### Input material

Definition interaction (E : set Rd) (x : Rd) : \bar R :=
  \esum_(y in E `\ x) (psi x y)%:E.

Definition pair_energy (E : set Rd) : \bar R := \esum_(x in E) interaction E x.

Lemma interaction_ge0 E x : 0 <= interaction E x.
Proof. by apply: esum_ge0 => y [_ yx]; rewrite lee_fin psi_ge0 // => /esym. Qed.

Lemma pair_energy_ge0 E : 0 <= pair_energy E.
Proof. by apply: esum_ge0 => x _; exact: interaction_ge0. Qed.

Lemma Vfun_pair_energy E : Vfun phi K E = (2^-1)%:E * pair_energy E.
Proof.
rewrite /Vfun /pair_energy /interaction esum_esum; last first.
  by move=> x y _ [_ yx]; rewrite lee_fin psi_ge0 // => /esym.
congr (_ * esum _ _); apply/seteqP; split => -[x y] /=.
  by move=> [Ex [Ey xy]]; split => //; split => // /esym.
by move=> [Ex [Ey yx]]; split => //; split => // /esym.
Qed.

Lemma pair_energy_fin_num E : Vfun phi K E < +oo -> pair_energy E \is a fin_num.
Proof.
rewrite Vfun_pair_energy ge0_fin_numE ?pair_energy_ge0 //.
have := pair_energy_ge0 E; case: (pair_energy E) => [r _ _|_|//]; first exact: ltry.
by rewrite mulry gtr0_sg ?invr_gt0 // mul1e.
Qed.

Lemma interaction_setU1 E x : ~ E x ->
  interaction (E `|` [set x]) x = \esum_(y in E) (Defs.psi phi (Kpos K) x y)%:E.
Proof.
move=> Ex; rewrite /interaction setUDK => [|y [/= -> //]].
apply: eq_esum => y Ey.
by rewrite psi_Kpos // => xy; apply: Ex; rewrite xy.
Qed.

(* Each pair containing [x] is counted twice in the ordered sum. *)
Lemma pair_energyD1 E x : E x ->
  pair_energy E = interaction E x + interaction E x + pair_energy (E `\ x).
Proof.
move=> Ex; rewrite /pair_energy (esumD1 Ex) => [|y _]; last exact: interaction_ge0.
rewrite -addeA; congr (_ + _).
rewrite (eq_esum (b := fun y => (psi x y)%:E + interaction (E `\ x) y)); last first.
  move=> y [Ey yx]; rewrite /interaction (esumD1 (x := x)); last 2 first.
  - by split => // /esym.
  - by move=> z [_ zy]; rewrite lee_fin psi_ge0 // => /esym.
  by rewrite psi_sym; congr (_ + esum _ _); apply/seteqP; split => z /= [[]].
rewrite esumD // => y [_ yx]; last exact: interaction_ge0.
by rewrite lee_fin psi_ge0 // => /esym.
Qed.

End pair_interaction.

Section foster_lyapunov_increments.
Variables (R : realType) (d : nat).
Local Notation Rd := (Rd R d).
Variables (phi h : Rd -> R) (K : R -> R).
Hypotheses (phi_gt0 : forall x, 0 < phi x) (K_gt0 : forall q, 0 < q -> 0 < K q).
Hypothesis h_ge0 : forall x, 0 <= h x.
Local Notation W := (Wfun h phi K).
Local Notation interaction := (interaction phi K).
Local Notation pair_energy := (pair_energy phi K).
Local Open Scope ereal_scope.

Lemma pairing_ge0 E : 0 <= pairing h E.
Proof. by apply: esum_ge0 => x _; rewrite lee_fin. Qed.

Lemma pairingD1 E x : E x -> pairing h E = (h x)%:E + pairing h (E `\ x).
Proof. by move=> Ex; rewrite /pairing (esumD1 Ex) // => y _; rewrite lee_fin. Qed.

Lemma Wfun_pair_energy E : W E = pairing h E + (2^-1)%:E * pair_energy E.
Proof. by rewrite /Wfun Vfun_pair_energy. Qed.

Lemma Wfun_setD1 E x : E x ->
  pairing h E \is a fin_num -> pair_energy E \is a fin_num ->
  W (E `\ x) - W E = - ((h x)%:E + interaction E x).
Proof.
move=> Ex; rewrite !Wfun_pair_energy (pairingD1 Ex) (pair_energyD1 phi_gt0 K_gt0 Ex).
rewrite !fin_numD => /andP[_ Hf] /andP[/andP[sf _] Sf].
rewrite -(fineK Hf) -(fineK sf) -(fineK Sf).
do ![rewrite -EFinD|rewrite -EFinM|rewrite -EFinN]; congr EFin; lra.
Qed.

Lemma ssum_Wfun_setD1 E :
  pairing h E \is a fin_num -> pair_energy E \is a fin_num ->
  ssum E (fun x => W (E `\ x) - W E) = - (pairing h E + pair_energy E).
Proof.
move=> Hf Sf.
have incr_ge0 x : 0 <= (h x)%:E + interaction E x.
  by rewrite adde_ge0 ?lee_fin ?interaction_ge0.
rewrite /ssum esum1 => [|x Ex]; last first.
  by rewrite funeposE Wfun_setD1 // max_r // oppe_le0.
rewrite (eq_esum (b := fun x => (h x)%:E + interaction E x)) => [|x Ex].
  by rewrite esumD ?sub0e // => x _; rewrite ?lee_fin ?interaction_ge0.
by rewrite funenegE Wfun_setD1 // oppeK max_l.
Qed.

Lemma Wfun_setU1 E x : ~ E x ->
  pairing h E \is a fin_num -> pair_energy E \is a fin_num ->
  W (E `|` [set x]) - W E = (h x)%:E + \esum_(y in E) (psi phi (Kpos K) x y)%:E.
Proof.
move=> Ex Hf Sf; have E'x : (E `|` [set x]) x by right.
have E'xE : (E `|` [set x]) `\ x = E by rewrite setUDK => // y [/= ->].
rewrite !Wfun_pair_energy (pairingD1 E'x) (pair_energyD1 phi_gt0 K_gt0 E'x).
rewrite E'xE interaction_setU1 //.
set k := esum _ _; have k_ge0 : 0 <= k by apply: esum_ge0 => y _; rewrite lee_fin psi_Kpos_ge0.
rewrite -(fineK Hf) -(fineK Sf).
have [kf|] := boolP (k \is a fin_num).
  rewrite -(fineK kf).
  do ![rewrite -EFinD|rewrite -EFinM|rewrite -EFinB]; congr EFin; lra.
rewrite ge0_fin_numE // ltey negbK => /eqP ->.
by rewrite addye // mulry gtr0_sg ?invr_gt0 // mul1e !addey // addye.
Qed.

Lemma birth_increment_bound E x (bx bs : R) :
  pairing h E \is a fin_num -> pair_energy E \is a fin_num -> (0 <= bx <= bs)%R ->
  0 <= bx%:E * (W (E `|` [set x]) - W E) <=
       bs%:E * ((h x)%:E + \esum_(y in E) (psi phi (Kpos K) x y)%:E).
Proof.
move=> Hf Sf /andP[bx0 bxbs].
have incr_ge0 : 0 <= (h x)%:E + \esum_(y in E) (psi phi (Kpos K) x y)%:E.
  by rewrite adde_ge0 ?lee_fin // esum_ge0 // => y _; rewrite lee_fin psi_Kpos_ge0.
have [Ex|Ex] := pselect (E x); last first.
  by rewrite Wfun_setU1 // mule_ge0 ?lee_fin //= lee_pmul ?lee_fin.
have -> : E `|` [set x] = E by apply/seteqP; split => y /=; [case=> // ->|left].
have Wf : W E \is a fin_num by rewrite Wfun_pair_energy fin_numD Hf fin_numM.
by rewrite subee // mule0 lexx /= mule_ge0 ?lee_fin // (le_trans bx0).
Qed.

End foster_lyapunov_increments.

Section birth_term.
Variables (R : realType) (d : nat).
Local Notation Rd := (Rd R d).
Local Notation edist := (@Defs.edist R d).
Variable mu : {measure set Rd -> \bar R}.
Hypotheses (d_gt0 : (0 < d)%N) (mu_leb : is_lebesgue_Rd mu).
Variables (phi h : Rd -> R) (K : R -> R).
Hypotheses (phi_gt0 : forall x, 0 < phi x) (h_ge0 : forall x, 0 <= h x).
Hypotheses (mphi : measurable_fun setT phi) (mh : measurable_fun setT h).
Hypothesis K_gt0 : forall q, 0 < q -> 0 < K q.
Hypothesis K_noninc : forall q1 q2, 0 < q1 -> q1 <= q2 -> K q2 <= K q1.
Local Notation W := (Wfun h phi K).
Local Notation psi0 := (psi phi (Kpos K)).
Local Open Scope ereal_scope.

Lemma measurable_psi_Kpos y : measurable_fun setT (fun x => (psi0 x y)%:E).
Proof.
apply/measurable_EFinP; apply: measurable_funM.
  exact: measurable_funM mphi (measurable_cst _).
exact: measurableT_comp (measurable_Kpos K_noninc) (measurable_edist y).
Qed.

(* [C1] integrates [phi y * K (edist x y)], whose value on the diagonal is
   junk; it is harmless since Lebesgue measure does not see points. *)
Lemma integral_phi_Kpos_le_C1 y :
  \int[mu]_x (phi x * Kpos K (edist x y))%:E <= C1 mu phi K.
Proof.
apply: le_trans (ereal_sup_ubound (ex_intro _ y erefl)).
apply: (le_integral_off_point (measurable_set1_Rd y)) => //.
- exact: lebesgue_Rd_set1.
- by move=> x; rewrite lee_fin mulr_ge0 ?Kpos_ge0 ?ltW.
- by rewrite edistxx /Kpos ltxx mulr0.
- by move=> x /edist_gt0 xy; rewrite /Kpos xy edistC.
Qed.

Lemma C1_ge0 : 0 <= C1 mu phi K.
Proof.
apply: le_trans (integral_phi_Kpos_le_C1 (nseq_tuple d 0%R)).
by apply: integral_ge0 => x _; rewrite lee_fin mulr_ge0 ?Kpos_ge0 ?ltW.
Qed.

Lemma integral_psi_Kpos_le y :
  \int[mu]_x (psi0 x y)%:E <= (phi y)%:E * C1 mu phi K.
Proof.
have -> : \int[mu]_x (psi0 x y)%:E =
          (phi y)%:E * \int[mu]_x (phi x * Kpos K (edist x y))%:E.
  rewrite -ge0_integralZl_EFin ?ltW //; last 2 first.
  - by move=> x _; rewrite lee_fin mulr_ge0 ?Kpos_ge0 ?ltW.
  - apply/measurable_EFinP/measurable_funM => //.
    exact: measurableT_comp (measurable_Kpos K_noninc) (measurable_edist y).
  by apply: eq_integral => x _; rewrite -EFinM /Defs.psi mulrCA mulrA.
apply: lee_pmul => //; first by rewrite lee_fin ltW.
- by apply: integral_ge0 => x _; rewrite lee_fin mulr_ge0 ?Kpos_ge0 ?ltW.
- exact: integral_phi_Kpos_le_C1.
Qed.

Lemma integral_interaction_le E : Gamma E ->
  \int[mu]_x (\esum_(y in E) (psi0 x y)%:E) <= \esum_(y in E) ((phi y)%:E * C1 mu phi K).
Proof.
move=> lfE; apply: le_trans (integral_esum_cfg_le (f := fun y x => (psi0 x y)%:E) lfE _ _ mu) _.
- exact: measurable_psi_Kpos.
- by move=> y x; rewrite lee_fin psi_Kpos_ge0.
- by apply: le_esum => y _; exact: integral_psi_Kpos_le.
Qed.

Lemma integral_birth_le E (bE : Rd -> R) (bs c : R) :
  Gamma E -> pairing h E \is a fin_num -> pair_energy phi K E \is a fin_num ->
  (forall x, 0 <= bE x <= bs)%R -> C1 mu phi K <= c%:E ->
  (forall x, 2 * c * bs * phi x <= h x)%R ->
  \int[mu]_x ((bE x)%:E * (W (E `|` [set x]) - W E)) <=
  bs%:E * \int[mu]_x (h x)%:E + (2^-1)%:E * pairing h E.
Proof.
move=> lfE Hf Sf hb hC hh.
have bs_ge0 : (0 <= bs)%R by have /andP[/le_trans] := hb (nseq_tuple d 0%R); apply.
pose k x := \esum_(y in E) (psi0 x y)%:E.
have k_ge0 x : 0 <= k x by apply: esum_ge0 => y _; rewrite lee_fin psi_Kpos_ge0.
have mk : measurable_fun setT k.
  apply: (measurable_esum_cfg (f := fun y x => (psi0 x y)%:E) lfE).
    exact: measurable_psi_Kpos.
  by move=> y x; rewrite lee_fin psi_Kpos_ge0.
apply: le_trans (@ge0_le_integralT _ _ _ mu _ (fun x => bs%:E * ((h x)%:E + k x)) _ _) _.
- by move=> x; have /andP[] := birth_increment_bound phi_gt0 K_gt0 h_ge0 x Hf Sf (hb x).
- by move=> x; have /andP[] := birth_increment_bound phi_gt0 K_gt0 h_ge0 x Hf Sf (hb x).
have mhE : measurable_fun setT (fun x => (h x)%:E) by exact/measurable_EFinP.
rewrite ge0_integralZl_EFin //; last 2 first.
- by move=> x _; rewrite adde_ge0 ?lee_fin.
- exact: emeasurable_funD.
rewrite ge0_integralD // => [|x _]; last by rewrite lee_fin.
rewrite ge0_muleDr ?integral_ge0 // => [|x _]; last by rewrite lee_fin.
apply: leeD => //; apply: le_trans (lee_pmul _ _ (lexx _) (integral_interaction_le lfE)) _.
- by rewrite lee_fin.
- by apply: integral_ge0 => x _; exact: k_ge0.
rewrite /pairing -!ge0_esumZl // => [|y]; last by rewrite mule_ge0 ?lee_fin ?C1_ge0 ?ltW.
apply: le_esum => y _; apply: le_trans (lee_pmul _ _ (lexx _) (lee_pmul _ _ (lexx _) hC)) _.
- by rewrite lee_fin.
- by rewrite mule_ge0 ?lee_fin ?C1_ge0 ?ltW.
- by rewrite lee_fin ltW.
- exact: C1_ge0.
by rewrite -!EFinM lee_fin; have := hh y; lra.
Qed.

### Task
In the listing above, find the line with "Proof. by move=>" and the line with "by rewrite funeposE", then print exactly those lines and every line between them.

### Your response
Proof. by move=> Ex; rewrite /pairing (esumD1 Ex) // => y _; rewrite lee_fin. Qed.

Lemma Wfun_pair_energy E : W E = pairing h E + (2^-1)%:E * pair_energy E.
Proof. by rewrite /Wfun Vfun_pair_energy. Qed.

Lemma Wfun_setD1 E x : E x ->
  pairing h E \is a fin_num -> pair_energy E \is a fin_num ->
  W (E `\ x) - W E = - ((h x)%:E + interaction E x).
Proof.
move=> Ex; rewrite !Wfun_pair_energy (pairingD1 Ex) (pair_energyD1 phi_gt0 K_gt0 Ex).
rewrite !fin_numD => /andP[_ Hf] /andP[/andP[sf _] Sf].
rewrite -(fineK Hf) -(fineK sf) -(fineK Sf).
do ![rewrite -EFinD|rewrite -EFinM|rewrite -EFinN]; congr EFin; lra.
Qed.

Lemma ssum_Wfun_setD1 E :
  pairing h E \is a fin_num -> pair_energy E \is a fin_num ->
  ssum E (fun x => W (E `\ x) - W E) = - (pairing h E + pair_energy E).
Proof.
move=> Hf Sf.
have incr_ge0 x : 0 <= (h x)%:E + interaction E x.
  by rewrite adde_ge0 ?lee_fin ?interaction_ge0.
rewrite /ssum esum1 => [|x Ex]; last first.
  by rewrite funeposE Wfun_setD1 // max_r // oppe_le0.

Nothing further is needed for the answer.